Over a quarter (28%) of the sponge species recorded in this study constitute novel occurrence records in terms of either their geographical distribution or depth range. Some of these newly documented occurrences, such as Homaxinella erecta, bridge previously known distributions both to the north and south of the BoP (Kelly, 2022; WoRMS Editorial Board, 2025). The diversity in sponge taxa found in this study provides valuable insights into the influence of currents within the BoP’s mesophotic zone. The composition of sponge communities in the Motiti mesophotic reefs and the broader BoP region reflects an amalgamation of warm-water (northern) and cold-water (southern) affinities, indicating the complex interplay of oceanic currents within this area. Notably, the proportion of species with demonstrated warm-water preferences (22%) was nearly double that of the species extending into colder regions further south (12%), indicating the pronounced influence of the warmer East Auckland Current (EAUC) in the BoP. Considering the significant influence of the EAUC in the BoP, as indicated by this study and supported by Donald (2021), an important question arises: how will the increasing frequency and intensity of marine heat waves transported from the tropics to New Zealand (Behrens et al., 2022) affect precious mesophotic ecosystems within the Bay of Plenty? These discoveries highlight the existence of a highly mixed sponge assemblage characterized by taxonomically diverse and interconnected communities. Their associations with oceanic currents make them a crucial area for further investigation and conservation efforts.

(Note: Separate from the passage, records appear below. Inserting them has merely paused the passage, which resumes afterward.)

Lemma dom_near_domc eta d x y del : -d < eta x -> domc eta d x y -> 0 < del ->
  exists y', dom eta d x y' /\ Rabs (y' - y) < del.
Proof.
  intros he [h1 h2] hdel.
  set (mu := Rmin (del / 2) ((eta x + d) / 4)).
  assert (hmu : 0 < mu /\ mu <= del / 2 /\ mu <= (eta x + d) / 4).
  { unfold mu; split; [apply Rmin_glb_lt; lra|split; [apply Rmin_l|apply Rmin_r]]. }
  destruct (Rlt_le_dec y ((eta x - d) / 2)).
  - exists (y + mu); unfold dom; split; [lra|].
    replace (y + mu - y) with mu by ring. rewrite Rabs_right; lra.
  - exists (y - mu); unfold dom; split; [lra|].
    replace (y - mu - y) with (- mu) by ring. rewrite Rabs_Ropp, Rabs_right; lra.
Qed.

Lemma domc_closed_extension eta d F (C : R -> Prop) :
  (forall x, -d < eta x) -> closed C -> cont_on2 (domc eta d) F ->
  (forall x y, dom eta d x y -> C (F x y)) -> forall x y, domc eta d x y -> C (F x y).
Proof.
  intros he hC hF hdom x y hxy. apply hC. intros [eps heps].
  destruct (hF x y hxy eps (cond_pos eps)) as [del [hdel H]].
  destruct (dom_near_domc eta d x y del (he x) hxy hdel) as [y' [hy' hyy]].
  apply (heps (F x y')), hdom, hy'. apply H; auto; [now unfold dom, domc in *; lra|].
  unfold Rminus; rewrite Rplus_opp_r, Rabs_R0; exact hdel.
Qed.

Lemma half_cell_max eta d L F : 0 <= L -> (forall x, -d < eta x) ->
  (forall x, continuity_pt eta x) -> cont_on2 (domc eta d) F ->
  exists x0 y0, half_cell eta d L x0 y0 /\
    forall x y, half_cell eta d L x y -> F x y <= F x0 y0.
Proof.
  intros hL he hc hF.
  set (lift x t := -d + t * (eta x + d)).
  assert (hlift : forall x t, 0 <= t <= 1 -> domc eta d x (lift x t)).
  { intros x t ht. specialize (he x). unfold domc, lift; nra. }
  assert (hcont : cont_on2 (fun x t => 0 <= x <= L /\ 0 <= t <= 1) (fun x t => F x (lift x t))).
  { apply (cont_on2_comp _ _ F (fun x _ => x) lift hF).
    - apply cont_on2_continuity_2d; intros; apply continuity_2d_pt_id1.
    - apply cont_on2_continuity_2d; intros x t _. unfold lift.
      apply continuity_2d_pt_plus; [apply continuity_2d_pt_const|].
      apply continuity_2d_pt_mult; [apply continuity_2d_pt_id2|].
      apply continuity_2d_pt_plus; [|apply continuity_2d_pt_const].
      exact (continuity_1d_2d_pt_comp eta (fun u _ => u) x t (hc x) (continuity_2d_pt_id1 x t)).
    - intros x t [_ ht]. now apply hlift. }
  destruct (RectangleEVT.cont_on2_rect_max 0 L 0 1 _ hL Rle_0_1 hcont)
    as [x0 [t0 [[hx0 ht0] hmax]]].
  exists x0, (lift x0 t0). split; [split; auto|].
  intros x y [hx hy]. specialize (he x). unfold domc in hy.
  replace y with (lift x ((y + d) / (eta x + d))) by (unfold lift; field; lra).
  apply hmax. split; [exact hx|split].
  - apply Rdiv_le_0_compat; lra.
  - apply Rmult_le_reg_r with (eta x + d); [lra|].
    unfold Rdiv. rewrite Rmult_assoc, Rinv_l; lra.
Qed.

Lemma half_cell_cases eta d L x y : half_cell eta d L x y ->
  (x = 0 \/ x = L \/ y = -d) \/ (0 < x < L /\ dom eta d x y) \/ (0 < x < L /\ y = eta x).
Proof.
  intros [hx [hy1 hy2]].
  destruct (Req_dec x 0) as [|h0]; [now left; left|].
  destruct (Req_dec x L) as [|hL]; [now left; right; left|].
  destruct (Req_dec y (-d)) as [|hd]; [now left; right; right|right].
  destruct (Req_dec y (eta x)) as [|he]; [right|left]; split; try (unfold dom); lra.
Qed.

Lemma half_cell_bound_domc eta d L (h : R -> R -> R) M : 0 < L ->
  (forall x, eta (x + 2 * L) = eta x) -> (forall x, eta (- x) = eta x) ->
  (forall x y, domc eta d x y -> h (x + 2 * L) y = h x y) ->
  (forall x y, domc eta d x y -> h (- x) y = h x y) ->
  (forall x y, half_cell eta d L x y -> h x y <= M) ->
  forall x y, domc eta d x y -> h x y <= M.
Proof.
  intros hL hper heven hhper hheven hM.
  assert (hfold : forall x y, domc eta d x y -> h x y = h (Rabs x) y /\ domc eta d (Rabs x) y).
  { intros x y hxy. unfold Rabs; destruct Rcase_abs; [|easy].
    unfold domc in *; rewrite heven. split; [symmetry; apply hheven|]; easy. }
  assert (hshift : forall x y, domc eta d x y ->
            h x y = h (x - 2 * L) y /\ domc eta d (x - 2 * L) y).
  { intros x y hxy.
    assert (hxy' : domc eta d (x - 2 * L) y)
      by (unfold domc in *; rewrite <- hper; replace (x - 2 * L + 2 * L) with x by ring; exact hxy).
    split; [|exact hxy']. rewrite <- (hhper _ _ hxy'). f_equal; ring. }
  assert (hband : forall n x y, 0 <= x <= (2 * INR n + 1) * L -> domc eta d x y -> h x y <= M).
  { induction n as [|n IH]; intros x y hx hxy.
    - apply hM. split; [simpl in hx; lra|exact hxy].
    - destruct (Rle_dec x L) as [hxL|hxL]; [apply hM; split; [lra|exact hxy]|].
      destruct (hshift x y hxy) as [-> hxy'].
      destruct (hfold _ _ hxy') as [-> hxy''].
      rewrite S_INR in hx. assert (hn := pos_INR n).
      apply IH; [|exact hxy'']. split; [apply Rabs_pos|].
      unfold Rabs; destruct Rcase_abs; nra. }
  intros x y hxy. destruct (hfold x y hxy) as [-> hxy'].
  destruct (INR_unbounded (Rabs x / L)) as [n hn].
  apply (hband n); [|exact hxy']. split; [apply Rabs_pos|].
  assert (hn' := pos_INR n).
  assert (Rabs x < INR n * L).
  { apply Rmult_lt_reg_r with (/ L); [now apply Rinv_0_lt_compat|].
    rewrite Rmult_assoc, Rinv_r by lra. rewrite Rmult_1_r. exact hn. }
  nra.
Qed.

Section GraphDerivative.

Variables (eta : R -> R) (d : R) (F Fx Fy : R -> R -> R).
Hypotheses (F_cont : cont_on2 (domc eta d) F)
  (F_der : forall x y, dom eta d x y ->
     is_derive (fun t => F t y) x (Fx x y) /\ is_derive (fun t => F x t) y (Fy x y)).

Lemma vertical_increment_bound x a b c eps : -d < a <= b -> b <= eta x ->
  (forall t, a < t < b -> Rabs (Fy x t - c) <= eps) ->
  Rabs (F x b - F x a - c * (b - a)) <= eps * (b - a).
Proof.
  intros hab hb hFy. apply (cont_on1_increment_bound (fun t => F x t) (Fy x)); [lra| |].
  - apply (cont_on1_vertical (domc eta d)); [intros t ht; unfold domc; lra|exact F_cont].
  - intros t ht. split; [apply F_der; unfold dom; lra|now apply hFy].
Qed.

Lemma horizontal_increment_bound y a b c eps : -d < y ->
  (forall t, Rmin a b <= t <= Rmax a b -> y < eta t) ->
  (forall t, Rmin a b < t < Rmax a b -> Rabs (Fx t y - c) <= eps) ->
  Rabs (F b y - F a y - c * (b - a)) <= eps * Rabs (b - a).
Proof.
  intros hy heta hFx. apply (cont_on1_increment_bound_abs (fun t => F t y) (fun t => Fx t y)).
  - apply (cont_on1_horizontal (domc eta d)); [|exact F_cont].
    intros t ht. specialize (heta t ht). unfold domc; lra.
  - intros t ht. split; [apply F_der|now apply hFx].
    specialize (heta t ltac:(lra)). unfold dom; lra.
Qed.

(* Between [x1] and [x1 + h], go from the graph down to height [eta x1 - k], across, and back
   up to the graph: all three segments stay below the graph, where the mean value theorem
   applies. *)
Lemma graph_increment_bound x1 h k a b eps : 0 <= eps -> Rabs h <= k -> -d < eta x1 - k ->
  (forall t, Rmin x1 (x1 + h) <= t <= Rmax x1 (x1 + h) -> Rabs (eta t - eta x1) < k) ->
  (forall t y, Rabs (t - x1) <= k -> Rabs (y - eta x1) <= k -> domc eta d t y ->
     Rabs (Fx t y - a) <= eps /\ Rabs (Fy t y - b) <= eps) ->
  Rabs (F (x1 + h) (eta (x1 + h)) - F x1 (eta x1) - a * h - b * (eta (x1 + h) - eta x1))
    <= eps * (3 * k + Rabs h).
Proof.
  intros heps hhk hbot hgraph hbox.
  set (e1 := eta x1) in *; set (e3 := eta (x1 + h)); set (y0 := e1 - k).
  assert (hbetween : forall t, Rmin x1 (x1 + h) <= t <= Rmax x1 (x1 + h) ->
            Rabs (t - x1) <= Rabs h /\ y0 < eta t).
  { intros t ht. split.
    - rewrite Rmin_comm, Rmax_comm in ht. apply Rabs_le_between_min_max in ht.
      now replace (x1 + h - x1) with h in ht by ring.
    - apply hgraph, Rabs_lt_between in ht. unfold y0; lra. }
  assert (he3 : Rabs (e3 - e1) < k).
  { apply hgraph. unfold Rmin, Rmax; destruct Rle_dec; lra. }
  apply Rabs_lt_between in he3.
  assert (V1 : Rabs (F x1 e1 - F x1 y0 - b * (e1 - y0)) <= eps * (e1 - y0)).
  { apply vertical_increment_bound; [unfold y0; lra|unfold e1; lra|].
    intros t ht. apply hbox; [|apply Rabs_le_between; unfold y0 in *; lra|].
    - unfold Rminus; rewrite Rplus_opp_r, Rabs_R0; lra.
    - unfold domc, y0, e1 in *; lra. }
  assert (V3 : Rabs (F (x1 + h) e3 - F (x1 + h) y0 - b * (e3 - y0)) <= eps * (e3 - y0)).
  { apply vertical_increment_bound; [unfold y0; lra|unfold e3; lra|].
    intros t ht. apply hbox; [|apply Rabs_le_between; unfold y0 in *; lra|].
    - replace (x1 + h - x1) with h by ring. lra.
    - unfold domc, y0, e3 in *; lra. }
  assert (V2 : Rabs (F (x1 + h) y0 - F x1 y0 - a * (x1 + h - x1)) <= eps * Rabs (x1 + h - x1)).
  { apply horizontal_increment_bound; [unfold y0; lra|now intros t ht; apply hbetween|].
    intros t ht. assert (ht' := hbetween t ltac:(lra)).
    apply hbox; [lra|apply Rabs_le_between; unfold y0; lra|unfold domc, y0 in *; lra]. }
  replace (x1 + h - x1) with h in V2 by ring.
  replace (F (x1 + h) e3 - F x1 e1 - a * h - b * (e3 - e1)) with
    ((F (x1 + h) e3 - F (x1 + h) y0 - b * (e3 - y0)) + (F (x1 + h) y0 - F x1 y0 - a * h)
     - (F x1 e1 - F x1 y0 - b * (e1 - y0))) by (unfold y0; ring).
  apply Rabs_le_between in V1, V2, V3. apply Rabs_le_between.
  assert (eps * (e3 - y0) <= eps * (2 * k)) by (apply Rmult_le_compat_l; unfold y0; lra).
  unfold y0 in *. nra.
Qed.

Variables (x1 s : R).
Hypotheses (eta_gt : forall x, -d < eta x) (eta_der : derivable_pt_lim eta x1 s)
  (Fx_cont : cont_on2 (domc eta d) Fx) (Fy_cont : cont_on2 (domc eta d) Fy).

Among the 11% of new or undescribed species identified from ROV footage, the tumbleweed sponge emerged as an intriguing subject of investigation. Donald (2021) identified the tumbleweed sponge as a ‘probably new species’ due to its highly unusual morphology for a branching sponge in New Zealand, with no comparable species previously observed. It is most likely a Callyspongia species (Battershill, personal communication, June 2025). Its abundant presence was noted on Nukutai Reef between 40–50 m depth, in February 2021 (see https://youtu.be/7jfiwkn_W8M for original video transect footage from Donald, 2021). However, this study in the same region and including the same reef, conducted only a year and a half later, revealed a starkly contrasting scenario. The tumbleweed sponge was seldom encountered and when it was, specimen appeared markedly degraded (see Supplementary Figures 5T-U). In fact, they were only recorded as ‘possibly tumbleweed sponge’, due the obscurity and rarity of sightings in the ROV footage, the absence of physical samples, and limited prior records. There were only a few sightings of it and a full identification has not been possible (it has not been collected), hence confirmation of the taxonomy and ecology of this species remains to be carried out. There is however a possibility that the tumbleweed sponge originally identified by Donald (2021) has completely disappeared from these reefs. It is noted, however, that there are many sponge species that can have a rather ephemeral life history (Perkins et al., 2025) and we do acknowledge that the repeat surveys were not carried out along exactly the same transects, though they covered a much greater area of the Nukutai Reef than the preliminary survey in Donald (2021). Nonetheless, mesophotic sponge reefs are renowned as long-lived communities (Teixidó et al., 2009; Bell et al., 2014; Micaroni, 2022) and combined with the degree of sponge necrosis in other species, it would appear that these reef systems have been under significant stress. The size of the sponges alone, for example the large patches of encrusting sponges seen in ROV footage, indicates that the individuals observed in this study are likely to be decades old (Ayling, 1983). Consequently, this rapid shift in the tumbleweed sponge population, whether they have completely disappeared or there is still a remnant population, is a matter of considerable ecological significance.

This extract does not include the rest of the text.